Transcriptomic analysis of dystrophin RNAi knockdown reveals a central role for dystrophin in muscle differentiation and contractile apparatus organization.

BACKGROUND: Duchenne muscular dystrophy (DMD) is a fatal muscle wasting disorder caused by mutations in the dystrophin gene. DMD has a complex and as yet incompletely defined molecular pathophysiology hindering development of effective ameliorative approaches. Transcriptomic studies so far conducted on dystrophic cells and tissues suffer from non-specific changes and background noise due to heterogeneous comparisons and secondary pathologies. A study design in which a perfectly matched control cell population is used as reference for transcriptomic studies will give a much more specific insight into the effects of dystrophin deficiency and DMD pathophysiology.
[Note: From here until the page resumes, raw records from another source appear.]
Lemma bob_wins_inner_pendant c w a b x d alpha : ~~ alice_turn c ->
  surrounded_P4 c a b x d alpha -> usurrounded c alpha w ->
  w \notin [:: a; b; x; d] -> e w b -> bob_wins e c.
Proof.
move=> turn [[U eab ebx exd] S] Sw wP ewb.
have [Sa Sb Sx Sd] : [/\ usurrounded c alpha a, usurrounded c alpha b,
    usurrounded c alpha x & usurrounded c alpha d].
  by split; apply: S; rewrite !inE eqxx ?orbT.
move: (U); rewrite /= !inE !negb_or => /and4P [/and3P [ab ax _] /andP [bx bd] xd _].
move: (wP); rewrite !inE !negb_or => /and4P [wa wb wx wd].
have U4 : uniq [:: w; b; x; d] by rewrite /= !inE !negb_or wb wx wd bx bd xd.
have nwx : ~~ e w x by apply: (path_no_chord (take_uniq 3 U4)); rewrite //= ewb ebx.
have nwd : ~~ e w d by apply: (path_no_chord U4); rewrite //= ewb ebx exd.
have nax : ~~ e a x by apply: (path_no_chord (take_uniq 3 U)); rewrite //= eab ebx.
have no_common v : v != b -> e a v -> ~~ e v x.
  move=> vb eav; have va : v != a by rewrite edge_neq // e_sym.
  apply/negP => evx; have vx := edge_neq evx; apply/negP: evx.
  apply: (@path_no_chord v [:: a; b; x]) => //.
    by rewrite /= !inE !negb_or va vb vx ab ax bx.
  by rewrite /= e_sym eav eab ebx.
have [beta ba _] := ord3_other alpha alpha.
have [gam ga gb] := ord3_other alpha beta.
have [[cb _] [cw _]] := (Sb, Sw).
apply: (bob_wins_forcing_move (s := w) (j := beta)) => //.
- by split; last exact: available_surrounded Sw ba.
- by exists b; rewrite recolor_other // eq_sym.
move=> v k [c2v avk].
have eba : e b a by rewrite e_sym.
have ebw : e b w by rewrite e_sym.
have exb : e x b by rewrite e_sym.
have aw : a != w by rewrite eq_sym.
have xw : x != w by rewrite eq_sym.
have db : d != b by rewrite eq_sym.
have threat_a := recolor_threat cw Sb Sa eba ebw aw ba ga gb.
have threat_x := recolor_threat cw Sb Sx ebx ebw xw ba ga gb.
case: (eqVneq v b) c2v avk => [->|vb] c2v avk.
  (* Alice colored [b] herself: now [x] sees [alpha] and [k], and [d] still takes [beta]. *)
  have ka : k != alpha.
    apply/eqP => ka; apply: (seen_not_available _ avk); rewrite ka.
    by apply: seen_recolor cw _; case: Sb => _ [].
  have kb : k != beta by apply/eqP => kb; apply: (avk w); rewrite 1?e_sym // recolorE eqxx kb.
  have Sx2 : usurrounded (recolor c w beta) alpha x.
    by apply: usurrounded_recolor Sx cw wx _; right; apply/negP; rewrite e_sym.
  have Sd2 : usurrounded (recolor c w beta) alpha d.
    by apply: usurrounded_recolor Sd cw wd _; right; apply/negP; rewrite e_sym.
  exists x, d, beta.
  by apply: (recolor_threat c2v Sx2 Sd2 exd exb db ka ba); rewrite eq_sym.
case: (eqVneq v a) c2v => [->|va] c2v.
  exists b, x, gam; apply: (threat_recolor threat_x c2v ab ax).
  by rewrite e_sym (negbTE nax).
case: (boolP (e a v && (k == gam))) => [/andP [eav /eqP ->]|safe_a].
  have vx : v != x by apply: contraNneq nax => <-.
  exists b, x, gam; apply: (threat_recolor threat_x c2v vb vx).
  by rewrite e_sym (negbTE (no_common v vb eav)).
exists b, a, gam; apply: (threat_recolor threat_a c2v vb va).
by move=> eav; move: safe_a; rewrite eav.
Qed.

Lemma bob_move_P4 c a b x d alpha : ~~ alice_turn c -> ~ blocked e c ->
  surrounded_P4 c a b x d alpha ->
  bob_wins e c \/ exists v k, legal e c v k /\ surrounded_P4 (recolor c v k) a b x d alpha.
Proof.
move=> turn not_blocked P4c.
have [w cw wP] := uncolored_outside_P4 turn P4c.
have [k0 av0] : exists k, available e c w k.
  apply: NNPP => none; apply: not_blocked; exists w.
  by split=> // k avk; apply: none; exists k.
case: (classic (available e c w alpha)) => [av_alpha|not_av_alpha].
  by right; exists w, alpha; split=> //; apply: surrounded_P4_recolor => //; left.
case: (classic (exists2 P, P \in [:: a; b; x; d] & e P w)) => [[P PP ePw]|not_adj]; last first.
  right; exists w, k0; split=> //; apply: surrounded_P4_recolor => //.
  by right=> z zP ezw; apply: not_adj; exists z.
left; have SP := P4c.2 P PP.
case: (classic (exists2 j, j != alpha & seen c w j)) => [[j ja seen_j]|only_alpha].
  have [j3 j3a j3j] := ord3_other alpha j.
  apply: (bob_wins_threat turn (p := w) (q := P) (j := j3)); split=> //.
  - by case: SP.
  - by rewrite e_sym.
  - exact: available_surrounded SP j3a.
  - move=> k; apply: available_third (not_available_seen not_av_alpha) seen_j _ j3a j3j.
    by rewrite eq_sym.
have Sw : usurrounded c alpha w.
  split=> //; split=> [|u beta ewu cu]; first exact: not_available_seen.
  by apply: NNPP => /eqP beta_alpha; apply: only_alpha; exists beta => //; exists u.
have wP' : w \notin [:: d; x; b; a] by rewrite (mem_rev [:: a; b; x; d]).
have P4c' := surrounded_P4_rev P4c.
move: PP ePw; rewrite !inE => /or4P [] /eqP -> ePw.
- by apply: (bob_wins_end_pendant turn P4c Sw wP); rewrite e_sym.
- by apply: (bob_wins_inner_pendant turn P4c Sw wP); rewrite e_sym.
- by apply: (bob_wins_inner_pendant turn P4c' Sw wP'); rewrite e_sym.
- by apply: (bob_wins_end_pendant turn P4c' Sw wP'); rewrite e_sym.
Qed.

Lemma bob_wins_surrounded_P4 c a b x d alpha :
  surrounded_P4 c a b x d alpha -> bob_wins e c.
Proof.
have [n] := ubnP #|uncolored c|; elim: n c => // n IH c lt_n P4c.
have IHr v k : c v = None -> surrounded_P4 (recolor c v k) a b x d alpha ->
    bob_wins e (recolor c v k).
  move=> cv; apply: IH; rewrite uncolored_recolor -ltnS (leq_trans _ lt_n) //.
  by rewrite (cardsD1 v (uncolored c)) /uncolored inE cv.
case: (classic (blocked e c)) => [|not_blocked]; first exact: bw_blocked.
have [ca _] := P4c.2 a (mem_head _ _).
case: (boolP (alice_turn c)) => turn.
  apply: bw_alice => //; first by exists a.
  move=> v k [cv avk].
  by case: (alice_move_P4 turn P4c (conj cv avk)) => [|/(IHr v k cv)].
case: (bob_move_P4 turn not_blocked P4c) => [//|[v [k [[cv avk] P4r]]]].
exact: (bw_bob turn not_blocked (conj cv avk) (IHr v k cv P4r)).
Qed.

End Game.

Theorem lemma8p2 (T : finType) (e : rel T) (c : pcol T) :
  is_tree e -> ~~ odd #|T| ->
  reachable e c -> has_surrounded_P4 e c ->
  bob_wins e c.
Proof.
move=> [[e_sym e_irr] _ e_conn card_edges] T_even _ [a [b [x [d [alpha P4c]]]]].
have e_acyclic := tree_acyclic a e_sym e_conn card_edges.
exact: (bob_wins_surrounded_P4 e_sym e_irr e_acyclic T_even P4c).
Qed.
RESULTS: Using RNA interference (RNAi) to knock down dystrophin in myotubes from C57BL10 mice, we created a homogenous model to study the transcriptome of dystrophin-deficient myotubes. We noted significant differences in the global gene expression pattern between these myotubes and their matched control cultures. In particular, categorical analyses of the dysregulated genes demonstrated significant enrichment of molecules associated with the components of muscle cell contractile unit, ion channels, metabolic pathways and kinases. Additionally, some of the dysregulated genes could potentially explain conditions and endophenotypes associated with dystrophin deficiency, such as dysregulation of calcium homeostasis (Pvalb and Casq1), or cardiomyopathy (Obscurin, Tcap). In addition to be validated by qPCR, our data gains another level of validity by affirmatively reproducing several independent studies conducted previously at genes and/or protein levels in vivo and in vitro. CONCLUSION: Our results suggest that in striated muscles, dystrophin is involved in orchestrating proper development and organization of myofibers as contractile units, depicting a novel pathophysiology for DMD where the absence of dystrophin results in maldeveloped myofibers prone to physical stress and damage. Therefore, it becomes apparent that any gene therapy approaches for DMD should target early stages in muscle development to attain a maximum clinical benefit. With a clear and specific definition of the transcriptome of dystrophin deficiency, manipulation of identified dysregulated molecules downstream of dystrophin may lead to novel ameliorative approaches for DMD.

RNAi-mediated knockdown of dystrophin expression in adult mice does not lead to overt muscular dystrophy pathology.

Duchenne muscular dystrophy (DMD) is a fatal muscle wasting disorder caused by mutations in the dystrophin gene. DMD has a complex and as yet incompletely defined molecular pathophysiology. The peak of the pathology attributed to dystrophin deficiency happens between 3 and 8 weeks of age in mdx mice, the animal model of DMD. Accordingly, we hypothesized that the pathology observed with dystrophin deficiency may be developmentally regulated. Initially, we demonstrated that profound small interfering RNA-mediated dystrophin knockdown could be achieved in mouse primary muscle cultures. The use of adeno-associated virus vectors to express short-hairpin RNAs targeting dystrophin in skeletal muscle in vivo yielded a potent and specific dystrophin knockdown, but only after approximately 5 months, indicating the very long half-life of dystrophin. Interestingly, and in contrast to what is observed in congenital dystrophin deficiency, long-term ( approximately 1 year) dystrophin knockdown in adult mice did not result, per se, in overt dystrophic pathology or upregulation of utrophin. This supports our hypothesis and suggests new pathophysiology of the disease. Furthermore, taking into account the rather long half-life of dystrophin, and the notion that the development of pathology is age-dependent, it indicates that a single gene therapy approach before the onset of pathology might convey a long-term cure for DMD.